What is required
Each line of the data holding "psdY" should be found and copied.

Records to use Start Marker

(* Let $n$ be a positive integer, $P = \mathrm{COR}(n)$ and $Q = Q(n)$. Then there exists a spectrahedron $S \subseteq \mathbb{R}^{n\times n}$ with $P \subseteq S \subseteq Q$ and $\operatorname{xc}_{SDP}(S) \leqslant n+1$.
   Context: $\mathrm{COR}(n) = \mathrm{conv}\{bb^\intercal \mid b\in\{0,1\}^n\}$ and $Q(n) = \{x\in\mathbb{R}^{n\times n}\mid \langle 2\,\mathrm{diag}(a)-aa^\intercal, x\rangle \leqslant 1\ \forall a\in\{0,1\}^n\}$, with $\langle\cdot,\cdot\rangle$ the Frobenius inner product. A semidefinite EF of a convex set $S\subseteq\mathbb{R}^d$ is a linear system $\langle E_i, x\rangle + \langle F_i, Y\rangle = g_i$ ($i\in[k]$), $Y \in \mathcal{S}^r_+$ (the cone of $r\times r$ symmetric positive semidefinite matrices), with $E_i\in\mathbb{R}^d$ and $F_i$ symmetric $r\times r$, such that $x\in S$ iff there exists $Y\in\mathcal{S}^r_+$ satisfying the system; its size is $r$. A spectrahedron is a convex set admitting a semidefinite EF, and $\operatorname{xc}_{SDP}(S)$ is the minimum size of a semidefinite EF of $S$. *)

From HB Require Import structures.
From mathcomp Require Import all_boot all_order all_algebra.
From mathcomp Require Import reals.
Set Implicit Arguments. Unset Strict Implicit. Unset Printing Implicit Defensive.
Import Order.TTheory GRing.Theory Num.Theory.
Local Open Scope ring_scope.

Section Defs.
Variable R : realType.

Definition frob (m n : nat) (A X : 'M[R]_(m, n)) : R :=
  \sum_(i < m) \sum_(j < n) A i j * X i j.

Definition psd (r : nat) (Y : 'M[R]_r) : Prop :=
  Y^T = Y /\ forall v : 'cV[R]_r, 0 <= (v^T *m Y *m v) 0 0.

Definition conv (n : nat) (A : 'M[R]_n -> Prop) : 'M[R]_n -> Prop :=
  fun x => exists (m : nat) (p : 'I_m -> 'M[R]_n) (lam : 'I_m -> R),
    (forall i, A (p i)) /\ (forall i, 0 <= lam i) /\
    \sum_(i < m) lam i = 1 /\ x = \sum_(i < m) lam i *: p i.

Definition bvec (n : nat) (b : 'I_n -> bool) : 'cV[R]_n :=
  \col_i (b i)%:R.

Definition COR (n : nat) : 'M[R]_n -> Prop :=
  conv (fun X => exists b : 'I_n -> bool, X = bvec b *m (bvec b)^T).

Definition Qset (n : nat) : 'M[R]_n -> Prop :=
  fun x => forall a : 'I_n -> bool,
    frob (2%:R *: diag_mx (bvec a)^T - bvec a *m (bvec a)^T) x <= 1.

Definition has_sdp_ef (n : nat) (S : 'M[R]_n -> Prop) (r : nat) : Prop :=
  exists (k : nat) (E : 'I_k -> 'M[R]_n) (F : 'I_k -> 'M[R]_r) (g : 'I_k -> R),
    (forall i, (F i)^T = F i) /\
    forall x : 'M[R]_n,
      S x <-> exists Y : 'M[R]_r, psd Y /\
                forall i, frob (E i) x + frob (F i) Y = g i.

Definition spectrahedron (n : nat) (S : 'M[R]_n -> Prop) : Prop :=
  exists r, has_sdp_ef S r.

(* xc_SDP(S) <= t : the minimum size of a semidefinite EF of S is <= t,
   i.e. S has a semidefinite EF of some size r <= t *)
Definition xc_sdp_le (n : nat) (S : 'M[R]_n -> Prop) (t : nat) : Prop :=
  exists r, (r <= t)%N /\ has_sdp_ef S r.

End Defs.

(** Each vertex [b b^T] of the correlation polytope is the lower-right block
    of the rank-one PSD matrix [(1, b) (1, b)^T], whose border row and column
    are [diag (b b^T) = b].  So take [S] to be the set of [x] whose bordered
    matrix [border x = [[1, diag x^T]; [diag x, x]]] is PSD.  The bordering
    map is affine and PSD matrices form a convex cone, hence [COR(n) <= S].
    The quadratic form of [border x] at [(1, -a)] equals
    [1 - <2 diag(a) - a a^T, x>], hence [S <= Q(n)].  Finally, the entries of
    [border x] being affine in [x], the linear equations [Y = border x] with
    [Y] PSD form a semidefinite extended formulation of size [n + 1]. *)
From mathcomp Require Import all_boot all_order all_algebra.
From mathcomp Require Import reals.
From mathcomp Require Import ring lra.
Set Implicit Arguments. Unset Strict Implicit. Unset Printing Implicit Defensive.
Import Order.TTheory GRing.Theory Num.Theory.
Local Open Scope ring_scope.

Section Frobenius.
Variables (R : realType) (m k : nat).
Implicit Types A B X : 'M[R]_(m, k).

Lemma frobDl A B X : frob (A + B) X = frob A X + frob B X.
Proof.
rewrite /frob -big_split; apply: eq_bigr => i _.
by rewrite -big_split; apply: eq_bigr => j _; rewrite mxE mulrDl.
Qed.

Lemma frobZl a A X : frob (a *: A) X = a * frob A X.
Proof.
rewrite /frob mulr_sumr; apply: eq_bigr => i _.
by rewrite mulr_sumr; apply: eq_bigr => j _; rewrite mxE mulrA.
Qed.

Lemma frobNl A X : frob (- A) X = - frob A X.
Proof. by rewrite -scaleN1r frobZl mulN1r. Qed.

Lemma frobZr a A X : frob A (a *: X) = a * frob A X.
Proof.
rewrite /frob mulr_sumr; apply: eq_bigr => i _.
by rewrite mulr_sumr; apply: eq_bigr => j _; rewrite mxE mulrCA.
Qed.

Lemma frob_sumr l (X : 'I_l -> 'M[R]_(m, k)) A :
  frob A (\sum_(t < l) X t) = \sum_(t < l) frob A (X t).
Proof.
rewrite /frob [RHS]exchange_big; apply: eq_bigr => i _.
rewrite [RHS]exchange_big; apply: eq_bigr => j _.
by rewrite summxE mulr_sumr.
Qed.

Lemma frob_delta (i : 'I_m) (j : 'I_k) X : frob (delta_mx i j) X = X i j.
Proof.
rewrite /frob (bigD1 i) //= [X in _ + X]big1 => [|i' /negbTE ne_i'i].
  rewrite addr0 (bigD1 j) //= big1 => [|j' /negbTE ne_j'j].
    by rewrite mxE !eqxx mul1r addr0.
  by rewrite mxE eqxx ne_j'j mul0r.
by apply: big1 => j' _; rewrite mxE ne_i'i mul0r.
Qed.

Lemma frob_outer (u : 'cV[R]_m) (w : 'cV[R]_k) X :
  frob (u *m w^T) X = \sum_i \sum_j u i 0 * w j 0 * X i j.
Proof.
by apply: eq_bigr => i _; apply: eq_bigr => j _; rewrite mxE big_ord1 !mxE.
Qed.

End Frobenius.

Section Quadratic.
Variables (R : realType) (r : nat).
Implicit Types (v w : 'cV[R]_r) (Y : 'M[R]_r).

Lemma frob_diag (d : 'rV[R]_r) Y : frob (diag_mx d) Y = \sum_i d 0 i * Y i i.
Proof.
apply: eq_bigr => i _; rewrite (bigD1 i) //= big1 ?addr0.
  by rewrite mxE eqxx mulr1n.
by move=> j ne_ji; rewrite mxE eq_sym (negbTE ne_ji) mulr0n mul0r.
Qed.

Lemma quad_formE v Y : (v^T *m Y *m v) 0 0 = frob (v *m v^T) Y.
Proof.
rewrite frob_outer mxE exchange_big; apply: eq_bigr => j _.
rewrite mxE big_distrl; apply: eq_bigr => i _.
by rewrite !mxE mulrAC.
Qed.

Lemma psd_outer w : psd (w *m w^T).
Proof.
split=> [|v]; first by rewrite trmx_mul trmxK.
rewrite mulmxA -mulmxA -[w^T *m v]trmxK trmx_mul trmxK.
by rewrite mxE big_ord1 [X in _ * X]mxE -expr2 sqr_ge0.
Qed.

Lemma psd_sym Y i j : psd Y -> Y j i = Y i j.
Proof. by case=> symY _; rewrite -[in RHS]symY mxE. Qed.

Lemma psd_conic l (lam : 'I_l -> R) (Y : 'I_l -> 'M[R]_r) :
  (forall t, 0 <= lam t) -> (forall t, psd (Y t)) ->
  psd (\sum_t lam t *: Y t).
Proof.
move=> lam_ge0 psdY; split=> [|v].
  apply/matrixP => i j; rewrite mxE !summxE; apply: eq_bigr => t _.
  by rewrite !mxE (psd_sym _ _ (psdY t)).
rewrite mulmx_sumr mulmx_suml summxE; apply: sumr_ge0 => t _.
by rewrite -scalemxAr -scalemxAl mxE mulr_ge0 //; case: (psdY t).
Qed.

End Quadratic.

Section AffinePreimage.
Variables (R : realType) (m r : nat) (M : 'M[R]_m -> 'M[R]_r).
Variables (C : 'I_r -> 'I_r -> 'M[R]_m) (G : 'M[R]_r).
Hypothesis M_affine : forall x p q, M x p q = frob (C p q) x + G p q.

Lemma affine_comb l (lam : 'I_l -> R) (P : 'I_l -> 'M[R]_m) :
  \sum_t lam t = 1 -> M (\sum_t lam t *: P t) = \sum_t lam t *: M (P t).
Proof.
move=> sum_lam1; apply/matrixP => p q.
rewrite M_affine frob_sumr summxE -[G p q]mul1r -sum_lam1 big_distrl -big_split.
by apply: eq_bigr => t _; rewrite mxE M_affine frobZr mulrDr.
Qed.

Lemma conv_psd_affine (A : 'M[R]_m -> Prop) x :
  (forall y, A y -> psd (M y)) -> conv A x -> psd (M x).
Proof.
move=> psdA [l [P [lam [AP [lam_ge0 [sum_lam1 ->]]]]]].
by rewrite affine_comb //; apply: psd_conic => // t; apply: psdA.
Qed.

(* Constraint [(p, q)] reads [Y p q - frob (C p q) x = G p q]; the symmetric
   matrix [(E_pq + E_qp) / 2] extracts [Y p q] because [Y] is symmetric. *)
Lemma has_sdp_ef_psd_affine : has_sdp_ef (fun x => psd (M x)) r.
Proof.
pose pq (t : 'I_#|{: 'I_r * 'I_r}|) : 'I_r * 'I_r := enum_val t.
pose F t : 'M[R]_r :=
  2^-1 *: (delta_mx (pq t).1 (pq t).2 + delta_mx (pq t).2 (pq t).1).
have frobF (Y : 'M[R]_r) t : psd Y -> frob (F t) Y = Y (pq t).1 (pq t).2.
  by move=> psdY; rewrite frobZl frobDl !frob_delta (psd_sym _ _ psdY); lra.
exists #|{: 'I_r * 'I_r}|, (fun t => - C (pq t).1 (pq t).2), F.
exists (fun t => G (pq t).1 (pq t).2); split.
  move=> t; apply/matrixP => i j; rewrite !mxE addrC.
  by congr (_ * (_ + _)); rewrite andbC.
move=> x; split=> [psdMx | [Y [psdY eqY]]].
  by exists (M x); split=> // t; rewrite frobNl frobF // M_affine addKr.
suff -> : M x = Y by [].
apply/matrixP => p q; have := eqY (enum_rank (p, q)).
by rewrite frobNl frobF // /pq enum_rankK M_affine => <-; rewrite addNKr.
Qed.

End AffinePreimage.

Section Bordering.
Variables (R : realType) (n : nat).
Implicit Types (x : 'M[R]_n) (c : 'I_n -> R).

Definition border_coef (p q : 'I_n.+1) : 'M[R]_n :=
  match unlift ord0 p, unlift ord0 q with
  | Some i, Some j => delta_mx i j
  | Some i, None | None, Some i => delta_mx i i
  | None, None => 0
  end.

Definition border x : 'M[R]_n.+1 :=
  (\matrix_(p, q) frob (border_coef p q) x) + delta_mx ord0 ord0.

Lemma borderE x p q :
  border x p q = frob (border_coef p q) x + delta_mx ord0 ord0 p q.
Proof. by rewrite !mxE. Qed.

Lemma border00 x : border x ord0 ord0 = 1.
Proof.
rewrite borderE /border_coef unlift_none /frob big1 ?add0r ?mxE //.
by move=> i _; rewrite big1 // => j _; rewrite mxE mul0r.
Qed.

Lemma border0l x j : border x ord0 (lift ord0 j) = x j j.
Proof.
by rewrite borderE /border_coef unlift_none liftK frob_delta mxE addr0.
Qed.

Lemma borderl0 x i : border x (lift ord0 i) ord0 = x i i.
Proof.
by rewrite borderE /border_coef unlift_none liftK frob_delta mxE addr0.
Qed.

Lemma borderll x i j : border x (lift ord0 i) (lift ord0 j) = x i j.
Proof. by rewrite borderE /border_coef !liftK frob_delta mxE addr0. Qed.

Definition cons_one c : 'cV[R]_n.+1 :=
  \col_p if unlift ord0 p is Some i then c i else 1.

Lemma cons_one0 c : cons_one c ord0 0 = 1.
Proof. by rewrite mxE unlift_none. Qed.

Lemma cons_one_lift c i : cons_one c (lift ord0 i) 0 = c i.
Proof. by rewrite mxE liftK. Qed.

Lemma border_outer (b : 'I_n -> bool) :
  border (bvec R b *m (bvec R b)^T) =
  cons_one (fun i => (b i)%:R) *m (cons_one (fun i => (b i)%:R))^T.
Proof.
have bool_sq (c : bool) : c%:R * c%:R = c%:R :> R.
  by case: c; rewrite ?mul1r ?mul0r.
apply/matrixP => p q; rewrite [RHS]mxE big_ord1 [_^T _ _]mxE.
case: (unliftP ord0 p) => [i|] ->; case: (unliftP ord0 q) => [j|] ->;
  rewrite ?border00 ?border0l ?borderl0 ?borderll ?cons_one0 ?cons_one_lift
          ?mul1r ?mulr1 //; rewrite mxE big_ord1 !mxE ?bool_sq //.
Qed.

Lemma quad_border x c :
  ((cons_one c)^T *m border x *m cons_one c) 0 0 =
  1 + 2 * (\sum_i c i * x i i) + \sum_i \sum_j c i * c j * x i j.
Proof.
have row_lift (i : 'I_n) :
    \sum_(q < n.+1) cons_one c (lift ord0 i) 0 * cons_one c q 0 *
                     border x (lift ord0 i) q
    = c i * x i i + \sum_j c i * c j * x i j.
  by rewrite big_ord_recl cons_one0 !cons_one_lift borderl0 mulr1;
    congr (_ + _); apply: eq_bigr => j _; rewrite cons_one_lift borderll.
rewrite quad_formE frob_outer big_ord_recl (eq_bigr _ (fun i _ => row_lift i)).
rewrite big_ord_recl cons_one0 border00 big_split /=.
under eq_bigr do rewrite cons_one_lift border0l mul1r.
ring.
Qed.

Lemma COR_psd_border x : COR x -> psd (border x).
Proof.
apply: (@conv_psd_affine _ _ _ _ border_coef (delta_mx ord0 ord0)).
  exact: borderE.
by move=> _ [b ->]; rewrite border_outer; apply: psd_outer.
Qed.

Lemma psd_border_Q x : psd (border x) -> Qset x.
Proof.
case=> _ psd_quad a; have := psd_quad (cons_one (fun i => - (a i)%:R)).
rewrite quad_border frobDl frobNl frobZl frob_diag frob_outer.
have -> : \sum_i - (a i)%:R * x i i = - \sum_i (bvec R a)^T 0 i * x i i.
  by rewrite -sumrN; apply: eq_bigr => i _; rewrite !mxE mulNr.
have -> : \sum_i \sum_j - (a i)%:R * - (a j)%:R * x i j =
          \sum_i \sum_j bvec R a i 0 * bvec R a j 0 * x i j.
  by apply: eq_bigr => i _; apply: eq_bigr => j _; rewrite mulrNN !mxE.
lra.
Qed.

End Bordering.

Theorem lemma9 (R : realType) (n : nat) (hn : (0 < n)%N) :
  exists S : 'M[R]_n -> Prop,
    (forall x, COR x -> S x) /\ (forall x, S x -> Qset x) /\
    spectrahedron S /\ xc_sdp_le S n.+1.
Proof.
have ef : has_sdp_ef (fun x => psd (@border R n x)) n.+1.
  exact: (has_sdp_ef_psd_affine (@borderE R n)).
exists (fun x => psd (border x)); split; first exact: COR_psd_border.
split; first exact: psd_border_Q.
by split; exists n.+1.
Qed.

Records to use End Marker

Reply
move=> lam_ge0 psdY; split=> [|v].
  by rewrite !mxE (psd_sym _ _ (psdY t)).
by rewrite -scalemxAr -scalemxAl mxE mulr_ge0 //; case: (psdY t).
  by move=> psdY; rewrite frobZl frobDl !frob_delta (psd_sym _ _ psdY); lra.
move=> x; split=> [psdMx | [Y [psdY eqY]]].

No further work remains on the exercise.